Mutations of the Ubx gene will lead to transformation of dorsal and ventral appendages of the third thoracic segment (T3), which includes the haltere and third leg, into the counterparts on the second thoracic segment (T2). If Ubx is present in T3, it will prevent the original fate of the T2 segment. Such mutations can produce the second set of wings observed in the bithorax phenotype.

== Structure ==
The Ubx gene contains a 5' exon, two micro-exons, an optional B element, and a C terminal exon. The Ubx genomic DNA length is 76 kb and its cDNA clone length is 3.2 to 4.6 kb. The 5' exon contains the 5'UTR which has 964 bases. The C terminal exon contains the 3'UTR which has 1580 to 2212 bases.

==Target genes==
Ubx targets hundreds of different genes at different stages of morphogenesis including regulatory genes such as transcription factors, signalling components and terminal differentiation genes. Ubx has been shown to act upon long-range signaling molecules, as well as their target genes and subsequent genes further downstream. It has been shown to act at many levels of regulatory hierarchies, meaning Ubx can be used as a signal more than once in the same regulatory hierarchy.

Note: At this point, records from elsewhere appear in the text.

Theorem lemmaB3 (p k : nat) (hp : (3 <= p)%nat) (hk : (1 <= k)%nat) :
  is_glb (lambda2_set p k) (lambda1 p k) <-> (p <= k)%nat.
Proof.
  split.
  - intros [_ Hgreatest].
    destruct (Nat.le_gt_cases p k) as [Hpk | Hkp]; [exact Hpk | exfalso].
    destruct (lambda2_set_gap p hp k hk Hkp) as [z [Hz Hlow]].
    pose proof (Hgreatest z Hlow). lra.
  - intro Hpk.
    apply is_glb_of_min.
    + apply lambda1_mem_lambda2_set; lia.
    + intros y [Hy _]. exact Hy.
Qed.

Ubx represses selected Dpp (Decapentaplegic-activated) target genes in the anterior and posterior axis. Several Dpp target genes which have been identified are spalt-related, vestigial, Serum Response Factor, and achaete-scute. Ubx also represses Wingless in the posterior compartment of the dorsoventral axis. The products of these genes are used in the regulation of morphological features between the wing and the haltere.

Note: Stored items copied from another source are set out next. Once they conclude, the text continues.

Lemma exists_box_ratio_max t rho : 0 <= rho ->
  exists2 ys : 'rV[R]_n, (forall i, `|ys 0 i| <= rho) &
    forall y, (forall i, `|y 0 i| <= rho) -> fneg t y / fpos y <= fneg t ys / fpos ys.
Proof.
move=> rho0.
pose K := [set y : 'rV[R]_n | forall i, `[- rho, rho]%classic (y 0 i)].
have inK y : K y <-> forall i, `|y 0 i| <= rho.
  by split => Hy i; have := Hy i; rewrite /= in_itv /= ler_norml.
have Kc : compact K.
  exact: (@rV_compact _ n (fun=> `[- rho, rho]%classic) (fun=> @segment_compact R _ _)).
have K0 : K !=set0 by exists 0; apply/inK => i; rewrite mxE normr0.
have gc : {within K, continuous (fun y => fneg t y / fpos y)}.
  apply: continuous_subspaceT => y.
  apply: (@continuousM _ _ (fneg t) (fun y => (fpos y)^-1)); first exact: continuous_expsum.
  by apply: continuousV; [rewrite gt_eqF ?fpos_gt0 | exact: continuous_expsum].
have [ys ysK ymax] := compact_EVT_max K0 Kc gc.
exists ys => [|y /inK yK]; first exact/inK/set_mem.
exact/ymax/mem_set.
Qed.

(* If the ratio [fneg tstar / fpos] stayed below 1 on a large box, the far field
   ([margin_far]) and a slight increase of [tstar] ([fneg_scale_le]) would give a
   dominated parameter beyond [tstar]. *)
Lemma tstar_attained : exists y, fneg tstar y = fpos y.
Proof.
have [e e0 reduce] := exists_margin_reduction.
have ts0 := tstar_gt0; have T0 : 0 < 2 * tstar by rewrite mulr_gt0.
have [rho rho0 far] := margin_far e0 T0.
have [ys _ ymax] := exists_box_ratio_max tstar (ltW rho0).
exists ys; apply/eqP; rewrite eq_le dominated_tstar /=.
set M := fneg tstar ys / fpos ys in ymax.
have M0 : 0 <= M by rewrite divr_ge0 // ltW ?fneg_gt0 ?fpos_gt0.
rewrite -[X in X <= _]mul1r -ler_pdivlMr ?fpos_gt0 // -/M leNgt; apply/negP => M1.
have K1 : 1 <= 2 ^+ hmax :> R by rewrite exprn_ege1 // ler1n.
pose d := Num.min 1 ((1 - M) / 2 ^+ hmax).
have d0 : 0 < d by rewrite lt_min ltr01 /= divr_gt0 ?subr_gt0 //; lra.
have d1 : d <= 1 by rewrite ge_min lexx.
have dM : d * 2 ^+ hmax <= 1 - M.
  by rewrite -ler_pdivlMr ?ge_min ?lexx ?orbT //; lra.
suff : dominated ((1 + d) * tstar).
  by move/le_tstar; rewrite mulr_gt0 //; [nra | lra].
apply: reduce => y my; have [inbox | /forallPn [i]] := boolP [forall i, `|y 0 i| <= rho].
  have := ymax y (fun i => forallP inbox i).
  rewrite ler_pdivrMr ?fpos_gt0 // => NM.
  apply: le_trans (fneg_scale_le y ts0 (ltW d0) d1) _.
  have s0 : 0 <= 1 + d * (2 ^+ hmax - 1) by nra.
  have sM : (1 + d * (2 ^+ hmax - 1)) * M <= 1 by nra.
  by rewrite (le_trans (ler_wpM2l s0 NM)) // mulrA ler_piMl // ltW // fpos_gt0.
rewrite -ltNge => /lt_le_trans /(_ (normr_coord_le y i)) rho_y.
by apply/ltW/(far _ _ _ _ my rho_y); rewrite ?mulr_gt0 //; nra.
Qed.

Lemma tstar_critical : exists2 x, positive_point x &
  critical_zero Ap Am (star_pow c tstar h) x.
Proof.
have [ys eq_ys] := tstar_attained.
have fmin z : positive_point z -> signomial Ap Am (star_pow c tstar h) (expv ys) <=
    signomial Ap Am (star_pow c tstar h) z.
  move=> pz; rewrite -(lnvK pz) !signomial_expv eq_ys subrr subr_ge0.
  exact: dominated_tstar.
exists (expv ys); first exact: positive_point_expv.
split=> [|i]; first by rewrite signomial_expv eq_ys subrr.
by rewrite derive_signomial_min ?mulr0 //; exact: positive_point_expv.
Qed.

Lemma tstar_le_zero t x : 0 < t -> positive_point x ->
  signomial Ap Am (star_pow c t h) x = 0 -> tstar <= t.
Proof.
move=> t0 px; rewrite -(lnvK px) signomial_expv => /eqP; rewrite subr_eq0 => /eqP eq_x.
by rewrite leNgt; apply/negP => /(fneg_lt_fpos_below (lnv x) t0); rewrite eq_x ltxx.
Qed.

Ubx also selectively represses one enhancer of the vestigial genes in the proximodistal axis.

This gene is important for the development of hindwings in Lepidoptera, and leg development in larvae.

==Regulation==
Ubx is activated when there is a certain lack of Hunchback (hb) protein. Significant concentrations of Hunchback only exist in the anterior and posterior regions of the embryo, therefore Ubx is expressed only in middle segments. Thus, the hb gene may play an important role in the specification of the boundaries of Ubx expression.

Activation of Ubx involves multiple cis-acting regulatory sequences, which are found upstream and downstream of the mRNA cap-site. These enhancer regions can activate transcription of Ubx if the right combination of factors is present. For example, it has been shown that Ubx expression in the third femur of D. melanogaster is dependent on the enhancer regions abx and pbx. Transcription factors which bind to the promoter site of Ubx have been purified and shown to activate expression of the gene in vitro.

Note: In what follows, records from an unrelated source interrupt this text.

Lemma recursive_rat_NN_mult f g : recursive_rat_NN f -> recursive_rat_NN g ->
  recursive_rat_NN (fun d n => f d n * g d n).
Proof.
  intros (a1 & b1 & c1 & Ha1 & Hb1 & Hc1 & E1) (a2 & b2 & c2 & Ha2 & Hb2 & Hc2 & E2).
  eexists _, _, _; split; [|split; [|split]].
  4: intros d n; rewrite E1, E2, ratQ_mult; reflexivity.
  all: repeat first [apply recursive2_add | apply recursive2_mul
                    | apply recursive2_const | assumption].
Qed.

Lemma recursive_rat_NN_opp f : recursive_rat_NN f -> recursive_rat_NN (fun d n => - f d n).
Proof.
  intros (a & b & c & Ha & Hb & Hc & E); exists b, a, c.
  repeat split; auto; intros d n; rewrite E; apply ratQ_opp.
Qed.

Lemma recursive_rat_NN_comp f g1 g2 :
  recursive_rat_NN f -> recursive2 g1 -> recursive2 g2 ->
  recursive_rat_NN (fun d n => f (g1 d n) (g2 d n)).
Proof.
  intros (a & b & c & Ha & Hb & Hc & E) H1 H2.
  exists (fun d n => a (g1 d n) (g2 d n)), (fun d n => b (g1 d n) (g2 d n)),
         (fun d n => c (g1 d n) (g2 d n)).
  repeat split; try (apply recursive2_comp; assumption); intros; apply E.
Qed.

Lemma recursive_rat_S_of_NN f U : recursive_rat_NN f ->
  (forall s, U s = f (code s) 0%nat) -> recursive_rat_S U.
Proof.
  intros (a & b & c & Ha & Hb & Hc & E) EU.
  exists (fun d => a d 0%nat), (fun d => b d 0%nat), (fun d => c d 0%nat).
  repeat split; try apply recursive1_of_recursive2; auto.
  intros s; rewrite EU; apply E.
Qed.

Lemma recursive_rat_NN_of_S U : recursive_rat_S U ->
  exists f, recursive_rat_NN f /\ forall s, U s = f (code s) 0%nat.
Proof.
  intros (a & b & c & Ha & Hb & Hc & E).
  exists (fun d _ => ratQ (a d) (b d) (c d)); split; [|exact E].
  exists (fun d _ => a d), (fun d _ => b d), (fun d _ => c d).
  repeat split; auto using recursive2_of_recursive1.
Qed.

Expression of Ubx is repressed by the long non-coding RNA Bithoraxoid (Bxd), using transcriptional interference to silence expression.

==Ubx Biomaterials==
Besides being a well known transcription factor, Ubx has been used to form biomaterials in vitro. Macroscale materials in the form of ropes, films and sheets can be generated from recombinant Ubx protein, which can self-assemble under gentler conditions than other biomaterial proteins. The macroscale materials self-adhere, allowing them to assume more complex structures. In addition to requiring less harsh conditions than other proteins, Ubx has been shown to assemble more rapidly and at much lower concentrations.

Ubx materials are mechanically robust. By altering fiber diameter, the breaking strength, breaking strain, and Young’s modulus can be tuned to values spanning an order of magnitude, ultimately changing the mechanism of extension.